The argument is based on the phraseology of subd. 7 of section 263 of the Code, which, in view of other legislation, is in some respects confusing. Section 1780 provides that an action against a foreign corporation may be maintained by a resident of this State . . . for any cause of action.” This section is a codification of section 427 of the former Code, which provided “ that an action against a corporation created by or under the laws of any other State . . . may be brought in the supreme court, the superior court of the city of New York, or the court of common pleas for the city and county of New York, by a resident of this State for any cause of action.” So that, prior to ' the new Code, jurisdiction of actions like the present, both as to parties and subject matter, was clearly vested in this court. The jurisdiction so conferred was permanently continued by the provisions of the judiciary article of the Constitution as amended in 1869 (art. 6, § 12), and if section 263 of the Code-revision, or any subdivision thereof, in any manner limits or abridges the jurisdiction the court possessed at the time the revision went into effect, it is to that extent unconstitutional and void (Popfinger v. Yutte, 102 N. Y., 38). The right of action is transitoiy (McIvor v. McCabe, 16 Abb. Pr., 319; Home Ins. Co. v. Penn. R. R. Co., 11 Hun, 182 ; Barney v. Bustenbinder, 7 Lans. 210; s. c., 64 Barb., 212), and if process is (as it was here), legally served within the county, the jurisdiction of this court, both as to subject matter and parties, is complete.

In Brooks v. Mexican N. C. Co. (49 N. Y Super. Ct. R. 234; 50 Id., 281), and Robinson v. Oceanic S. N. Co. (56 Id. 108; affi’d 112 N. Y. 315), the plaintiffs were non-residents of the State, a feature that distinguishes those cases from the one at bar, for the plaintiff' here is a resident of Brooklyn, in this State. In Brooks v. Mexican N. C. Co., supra, section 263 of the Code was discussed, and it was doubted whether this court, could take jurisdiction against the force of its provisions.

The constitutional objection to that section was neither discussed nor decided. That phase of the question is squarely presented now, and, as the objection is unanswerable, it must be met and sustained.

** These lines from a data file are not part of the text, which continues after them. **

(* Over the theory $\mathrm{IKP}-\Delta_0\text{ Bounding}$ (i.e. IKP with the $\Delta_0$ Bounding schema removed), the following three axiom schemes are equivalent: (1) $\Pi$ Persistence; (2) $\Pi$ Uniformity; (3) $\Delta_0$ Uniformity.
   Context: All theories are over intuitionistic first-order logic in the language $\{\in,=\}$. IKP has the axioms: Extensionality, Empty Set, Pairing, Union, Infinity in the form $\exists x\,[0\in x\wedge\forall y\in x\,\exists z\in x\,(z=y\cup\{y\})\wedge\forall y\in x\,(y=0\vee\exists z\in x\; y=z\cup\{z\})]$, the $\in$-Induction schema $\forall x(\forall y\in x\,\phi(y)\to\phi(x))\to\forall x\,\phi(x)$ for all formulas $\phi$, $\Delta_0$ Separation, and $\Delta_0$ Bounding: $\forall x\in A\,\exists y\,\phi(x,y)\to\exists B\,\forall x\in A\,\exists y\in B\,\phi(x,y)$ for $\Delta_0$ $\phi$ (parameters allowed). A $\Delta_0$ formula has only bounded quantifiers. $\Pi$ formulas are the closure of the $\Delta_0$ formulas under $\wedge,\vee$, unbounded $\forall$, and bounded quantifiers $\forall u\in v$, $\exists u\in v$. For a formula $\phi$ and a set $A$, $\phi^{(A)}$ is obtained by bounding every unbounded quantifier of $\phi$ by $A$. $\Pi$ Persistence: $\forall A\,\phi^{(A)}\to\phi$ for every $\Pi$ formula $\phi$. $\Pi$ Uniformity: $\forall B\,\exists x\in A\,\forall y\in B\,\phi(x,y)\to\exists x\in A\,\forall y\,\phi(x,y)$ for every $\Pi$ formula $\phi$ (parameters allowed). $\Delta_0$ Uniformity: the same schema restricted to $\Delta_0$ formulas $\phi$. *)

(* Bounded quantifiers are primitive syntax so that "unbounded quantifier"
   (needed for relativization and for the Δ0 / Π classes) is syntactic. *)
From Stdlib Require Import List.
Import ListNotations.

Inductive form : Type :=
| FMem : nat -> nat -> form          (* FMem i j : x_i ∈ x_j *)
| FEq  : nat -> nat -> form
| FBot : form
| FAnd : form -> form -> form
| FOr  : form -> form -> form
| FImp : form -> form -> form
| FAll : form -> form
| FEx  : form -> form
| FBAll : nat -> form -> form        (* FBAll v φ : ∀ x_0 ∈ v (v is outer index) *)
| FBEx  : nat -> form -> form.

Definition FIff (a b : form) : form := FAnd (FImp a b) (FImp b a).

Definition up (r : nat -> nat) (n : nat) : nat :=
  match n with 0 => 0 | S k => S (r k) end.

Fixpoint rename (r : nat -> nat) (f : form) : form :=
  match f with
  | FMem i j => FMem (r i) (r j)
  | FEq i j => FEq (r i) (r j)
  | FBot => FBot
  | FAnd a b => FAnd (rename r a) (rename r b)
  | FOr a b => FOr (rename r a) (rename r b)
  | FImp a b => FImp (rename r a) (rename r b)
  | FAll a => FAll (rename (up r) a)
  | FEx a => FEx (rename (up r) a)
  | FBAll v a => FBAll (r v) (rename (up r) a)
  | FBEx v a => FBEx (r v) (rename (up r) a)
  end.

Definition shift (f : form) : form := rename S f.

Definition inst (y : nat) (f : form) : form :=
  rename (fun n => match n with 0 => y | S k => k end) f.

The opinion of the court of appeals, in Robinson v. Oceanic S. N. Co. (112 N. Y. 315, supra), read in connection with that in the Popfinger v. Yutte case (102 N. Y., 38, supra), clearly sustains the jurisdiction of the court as to both subject matter and parties. It. follows that the plaintiff is entitled to interlocutory-judgment, with costs, on payment of which the defendant may withdraw the demurrer and plead to the merits.